Return exactly the lines below, starting with the one that has "Lemma lte_fin_adde_split r" and going on through the one that has "- move=> _ _; rewrite -EFinD lte_fin => rab.".

*** Opening Provided data ***

Lemma EFin_between x y : x < y -> exists r, x < r%:E < y.
Proof.
case: x => [a| |]; case: y => [b| |] //= ab.
- by exists ((a + b) / 2)%R; move: ab; rewrite !lte_fin => ab; apply/andP; split; lra.
- by exists (a + 1)%R; rewrite lte_fin ltry andbT; lra.
- by exists (b - 1)%R; rewrite lte_fin ltNyr /=; lra.
- by exists 0%R; rewrite ltNyr ltry.
Qed.

Lemma lte_fin_adde_split r x y : 0 <= x -> 0 <= y ->
  r%:E < x + y -> exists s t : R, [/\ s%:E < x, t%:E < y & (r < s + t)%R].
Proof.
case: x => [a| |] //; case: y => [b| |] //.
- move=> _ _; rewrite -EFinD lte_fin => rab.
  exists (a - (a + b - r) / 3)%R, (b - (a + b - r) / 3)%R.
  by split; rewrite ?lte_fin; lra.
- by move=> _ _ _; exists (a - 1)%R, (r - a + 2)%R; split; rewrite ?ltry ?lte_fin //; lra.
- by move=> _ _ _; exists (r - b + 2)%R, (b - 1)%R; split; rewrite ?ltry ?lte_fin //; lra.
- by move=> _ _ _; exists (r + 2)%R, (-1)%R; split; rewrite ?ltry //; lra.
Qed.

Lemma compact_near_ereal_inf_ge (X : topologicalType) (A : set X) (I : Type)
    (F : set_system I) (G : I -> X -> \bar R) (b : I -> \bar R) :
  compact A -> Filter F ->
  (forall a, A a -> \forall a' \near a & i \near F, b i < G i a') ->
  \forall i \near F, b i <= ereal_inf (G i @` A).
Proof.
move=> cA FF near_gt.
have := (compact_near_coveringP A).1 cA I F (fun i a => b i < G i a) FF near_gt.
apply: filterS => i A_gt; apply: le_ereal_inf_tmp => _ [a Aa <-].
exact/ltW/A_gt.
Qed.

End ereal_facts.

Section dist_facts.
Context (R : realType) (Y : MetCH R).
Local Notation d := (dist Y).

Lemma dist_fin_num y y' : d y y' != +oo -> d y y' \is a fin_num.
Proof. by move=> dnoo; rewrite ge0_fin_numE ?dist_ge0 // lt_neqAle dnoo leey. Qed.

Lemma dist_gt_near (r : R) (y0 y1 : Y) : r%:E < d y0 y1 ->
  \forall y \near y0 & y' \near y1, r%:E < d y y'.
Proof.
move=> r_lt; have [r0|r0] := ltP r 0%R.
  by apply: filterE => p; apply: (lt_le_trans _ (@dist_ge0 _ Y p.1 p.2)); rewrite lte_fin.
have := @dist_upper_cont _ Y r%:E; rewrite lee_fin => /(_ r0).
by rewrite openE => /(_ (y0, y1) r_lt).
Qed.

Lemma dist_add_gt_near (r : R) (y a y' : Y) : r%:E < d y a + d a y' ->
  \forall a' \near a & p \near (y, y'), r%:E < d p.1 a' + d a' p.2.
Proof.
case/lte_fin_adde_split; rewrite ?dist_ge0 // => s [t [s_lt t_lt st]].
case: (dist_gt_near s_lt) => [[U1 V1] [/= U1y V1a] UV1].
case: (dist_gt_near t_lt) => [[V2 W2] [/= V2a W2y'] VW2].
exists (V1 `&` V2, U1 `*` W2); first by split; [exact: filterI | exists (U1, W2)].
move=> [a' p] [/= [V1a' V2a'] [U1p W2p]] /=.
apply: lt_trans (_ : (s + t)%:E < _); first by rewrite lte_fin.
by rewrite EFinD; apply: lteD; [exact: (UV1 (p.1, a')) | exact: (VW2 (a', p.2))].
Qed.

*** Closing Provided data ***

▶ [Task response]:
Lemma lte_fin_adde_split r x y : 0 <= x -> 0 <= y ->
  r%:E < x + y -> exists s t : R, [/\ s%:E < x, t%:E < y & (r < s + t)%R].
Proof.
case: x => [a| |] //; case: y => [b| |] //.
- move=> _ _; rewrite -EFinD lte_fin => rab.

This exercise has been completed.